Exercise directions: For each line below that contains the word "Require", make a copy.

(Stored data)
=-=-=
(* Let $R$ be a $*$-ring. Then $R$ is strongly $J$-$*$-clean if and only if (1) $R$ is strongly $*$-clean, and (2) for every maximal ideal $M$ of $R$, $1$ is not the sum of two units in $R/M$.
   Context: All rings are associative with identity. A $*$-ring is a ring $R$ with an involution $*$, i.e. a map $a\mapsto a^*$ with $(a+b)^*=a^*+b^*$, $(ab)^*=b^*a^*$, $(a^* )^*=a$. $U(R)$ denotes the group of units and $J(R)$ the Jacobson radical of $R$. A projection is an element $e$ with $e^2=e=e^*$. $R$ is strongly $J$-$*$-clean if every $a\in R$ can be written $a=e+u$ with $e$ a projection, $u\in J(R)$ and $ae=ea$. $R$ is strongly $*$-clean if every $a\in R$ can be written $a=e+u$ with $e$ a projection, $u\in U(R)$ and $eu=ue$. Maximal ideals are two-sided. *)

From mathcomp Require Import all_boot all_algebra.
Set Implicit Arguments. Unset Strict Implicit. Unset Printing Implicit Defensive.
Import GRing.Theory.
Local Open Scope ring_scope.

Section Defs.
Variable R : pzRingType.

Definition is_involution (star : R -> R) : Prop :=
  [/\ forall a b, star (a + b) = star a + star b,
      forall a b, star (a * b) = star b * star a
    & forall a, star (star a) = a].

Definition is_unit (u : R) : Prop := exists v : R, u * v = 1 /\ v * u = 1.

Definition is_projection (star : R -> R) (e : R) : Prop :=
  e * e = e /\ star e = e.

Definition add_subgroup (I : R -> Prop) : Prop :=
  I 0 /\ forall x y, I x -> I y -> I (x - y).

Definition left_ideal (I : R -> Prop) : Prop :=
  add_subgroup I /\ forall r x, I x -> I (r * x).

Definition two_sided_ideal (I : R -> Prop) : Prop :=
  [/\ add_subgroup I, forall r x, I x -> I (r * x) & forall r x, I x -> I (x * r)].

Definition maximal_left_ideal (I : R -> Prop) : Prop :=
  [/\ left_ideal I, ~ I 1 &
      forall K, left_ideal K -> (forall x, I x -> K x) -> ~ K 1 ->
        forall x, K x -> I x].

Definition maximal_ideal (M : R -> Prop) : Prop :=
  [/\ two_sided_ideal M, ~ M 1 &
      forall K, two_sided_ideal K -> (forall x, M x -> K x) -> ~ K 1 ->
        forall x, K x -> M x].

Definition jacobson (x : R) : Prop :=
  forall I, maximal_left_ideal I -> I x.

Definition strongly_J_star_clean (star : R -> R) : Prop :=
  forall a : R, exists e u : R,
    [/\ a = e + u, is_projection star e, jacobson u & a * e = e * a].

Definition strongly_star_clean (star : R -> R) : Prop :=
  forall a : R, exists e u : R,
    [/\ a = e + u, is_projection star e, is_unit u & e * u = u * e].

(* x + M is a unit of the quotient ring R/M *)
Definition unit_mod (M : R -> Prop) (x : R) : Prop :=
  exists y : R, M (x * y - 1) /\ M (y * x - 1).

Definition one_sum_two_units_mod (M : R -> Prop) : Prop :=
  exists u v : R, [/\ unit_mod M u, unit_mod M v & M (1 - (u + v))].

End Defs.

From mathcomp Require Import all_boot all_algebra.
From mathcomp Require classical_sets.
From Stdlib Require Import Classical.
Set Implicit Arguments. Unset Strict Implicit. Unset Printing Implicit Defensive.
Import GRing.Theory.
Local Open Scope ring_scope.

(* If [R] is strongly J-*-clean, then [x^2 - x] lies in [J(R)] for every [x],
   and [J(R)] lies in every maximal ideal [M]: every unit of [R/M] is then [1],
   so [1] is not a sum of two of them; shifting [a - 1 = e + j] to
   [a = e + (1 + j)] gives strong *-cleanness.
   Conversely, in a strongly *-clean ring every idempotent is a projection,
   hence central.  For a maximal left ideal [L] the core [{x | xR <= L}] is then
   a maximal ideal modulo which every element outside [L] is invertible; so a
   unit [w] with [w - 1] outside [L] would make [1 = w + (1 - w)] a sum of two
   units modulo the core.  Thus [w - 1] and [2] lie in every maximal left ideal,
   i.e. in [J(R)], and [a = e + w = (1 - e) + ((w - 1) + 2e)] is strongly
   J-*-clean. *)

Section Ideals.
Variable R : pzRingType.
Implicit Types (I L M : R -> Prop) (e j r s u w x y z : R).

Lemma add_subgroupN I x : add_subgroup I -> I x -> I (- x).
Proof. by move=> [I0 IB] Ix; rewrite -sub0r; apply: IB. Qed.

Lemma add_subgroupD I x y : add_subgroup I -> I x -> I y -> I (x + y).
Proof.
by move=> IG Ix Iy; rewrite -[y]opprK; apply: IG.2 => //; apply: add_subgroupN.
Qed.

Lemma maximal_left_ideal_comax L x : maximal_left_ideal L -> ~ L x ->
  exists l r, L l /\ 1 = l + r * x.
Proof.
move=> [[[L0 LB] LM] L1 Lmax] Lx.
pose K z := exists l r, L l /\ z = l + r * x.
have K_left : left_ideal K.
  split; first split.
  - by exists 0, 0; rewrite mul0r addr0.
  - move=> _ _ [l1 [r1 [Ll1 ->]]] [l2 [r2 [Ll2 ->]]].
    exists (l1 - l2), (r1 - r2); split; first exact: LB.
    by rewrite mulrBl opprD addrACA.
  - move=> s _ [l [r [Ll ->]]]; exists (s * l), (s * r); split; first exact: LM.
    by rewrite mulrDr mulrA.
have [[l [r [Ll E]]]|K1] := classic (K 1); first by exists l, r.
exfalso; apply: Lx; apply: (Lmax K K_left) => //.
  by move=> z Lz; exists z, 0; rewrite mul0r addr0.
by exists 0, 1; rewrite mul1r add0r.
Qed.

(* Zorn's lemma for the sets closed under subtraction and left multiplication,
   avoiding [1], and containing [I] as soon as they are nonempty: the last
   clause lets the union of the empty chain qualify. *)
Lemma exists_maximal_left_ideal I : left_ideal I -> ~ I 1 ->
  exists L, maximal_left_ideal L /\ forall x, I x -> L x.
Proof.
move=> [[I0 IB] IM] I1.
pose P (A : R -> Prop) := [/\ forall x y, A x -> A y -> A (x - y),
  forall r x, A x -> A (r * x), ~ A 1 & (exists x, A x) -> forall x, I x -> A x].
have [A [[AB AM A1 AI] Amax]] : exists A, P A /\
    forall B, classical_sets.proper A B -> ~ P B.
  apply: classical_sets.Zorn_bigcup => F FP Ftot; split.
  - move=> x y [X FX Xx] [Y FY Yy].
    have [XY|YX] := Ftot X Y FX FY.
    + by exists Y => //; case: (FP Y FY) => YB _ _ _; apply: YB => //; apply: XY.
    + by exists X => //; case: (FP X FX) => XB _ _ _; apply: XB => //; apply: YX.
  - move=> r x [X FX Xx]; exists X => //.
    by case: (FP X FX) => _ XM _ _; apply: XM.
  - by move=> [X FX X1]; case: (FP X FX) => _ _ + _; apply.
  - move=> [z [X FX Xz]] x Ix; exists X => //; case: (FP X FX) => _ _ _ XI.
    by apply: XI => //; exists z.
have PI : P I by split=> // _.
have [a Aa] : exists x, A x.
  apply: NNPP => A_empty; apply: (Amax I) => //; split.
    by move=> x Ax; exfalso; apply: A_empty; exists x.
  by move=> IA; apply: A_empty; exists 0; apply: IA.
have A0 : A 0 by rewrite -(subrr a); apply: AB.
have AI' := AI (ex_intro _ a Aa).
exists A; split=> //; split=> [|//|]; first by split; first split.
move=> K [[K0 KB] KM] AK K1 x Kx; apply: NNPP => Ax.
apply: (Amax K); first by split=> // AK'; apply: Ax; apply: AK'.
by split=> // _ z Iz; apply: AK; apply: AI'.
Qed.

Lemma jacobson0 : jacobson (0 : R).
Proof. by move=> L [[[]]]. Qed.

Lemma jacobsonB x y : jacobson x -> jacobson y -> jacobson (x - y).
Proof.
move=> Jx Jy L HL; case: (HL) => [[[_ LB] _] _ _].
by apply: LB; [apply: Jx | apply: Jy].
Qed.

Lemma jacobson_add_subgroup : add_subgroup (@jacobson R).
Proof. by split; [apply: jacobson0 | apply: jacobsonB]. Qed.

Lemma jacobsonMl r x : jacobson x -> jacobson (r * x).
Proof. by move=> Jx L HL; case: (HL) => [[_ LM] _ _]; apply: LM; apply: Jx. Qed.

Lemma jacobson_left_inv u : jacobson u -> exists y, y * (1 - u) = 1.
Proof.
move=> Ju; pose I z := exists r, z = r * (1 - u).
have [[r E]|I1] := classic (I 1); first by exists r.
have I_left : left_ideal I.
  split; first split.
  - by exists 0; rewrite mul0r.
  - by move=> _ _ [r1 ->] [r2 ->]; exists (r1 - r2); rewrite mulrBl.
  - by move=> s _ [r ->]; exists (s * r); rewrite mulrA.
have [L [HL IL]] := exists_maximal_left_ideal I_left I1.
have LG : add_subgroup L by case: HL => -[].
have L1u : L (1 - u) by apply: IL; exists 1; rewrite mul1r.
have Lu : L u by apply: Ju.
case: HL => _ L1 _; exfalso; apply: L1.
by rewrite -(subrK u 1); apply: add_subgroupD.
Qed.

Lemma jacobsonP x : (forall r, exists y, y * (1 - r * x) = 1) -> jacobson x.
Proof.
move=> inv L HL; apply: NNPP => Lx.
have [l [r [Ll E]]] := maximal_left_ideal_comax HL Lx.
have [y yE] := inv r.
case: HL => [[_ LM] L1 _]; apply: L1.
by rewrite -yE E addrK; apply: LM.
Qed.

Lemma jacobsonMr x s : jacobson x -> jacobson (x * s).
Proof.
move=> Jx; apply: jacobsonP => r.
have [c cE] := jacobson_left_inv (jacobsonMl (s * r) Jx).
have csrx : c * (s * r * x) = c - 1 by rewrite -cE mulrBr mulr1 opprB addrC subrK.
exists (1 + r * x * c * s).
rewrite mulrBr mulr1 mulrDl mul1r.
have -> : r * x * c * s * (r * (x * s)) = r * x * (c * (s * r * x)) * s.
  by rewrite !mulrA.
by rewrite csrx mulrBr mulr1 mulrBl !mulrA [X in _ - X]addrC subrK addrK.
Qed.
=-=-=
Response:
From mathcomp Require Import all_boot all_algebra.
From mathcomp Require Import all_boot all_algebra.
From mathcomp Require classical_sets.
From Stdlib Require Import Classical.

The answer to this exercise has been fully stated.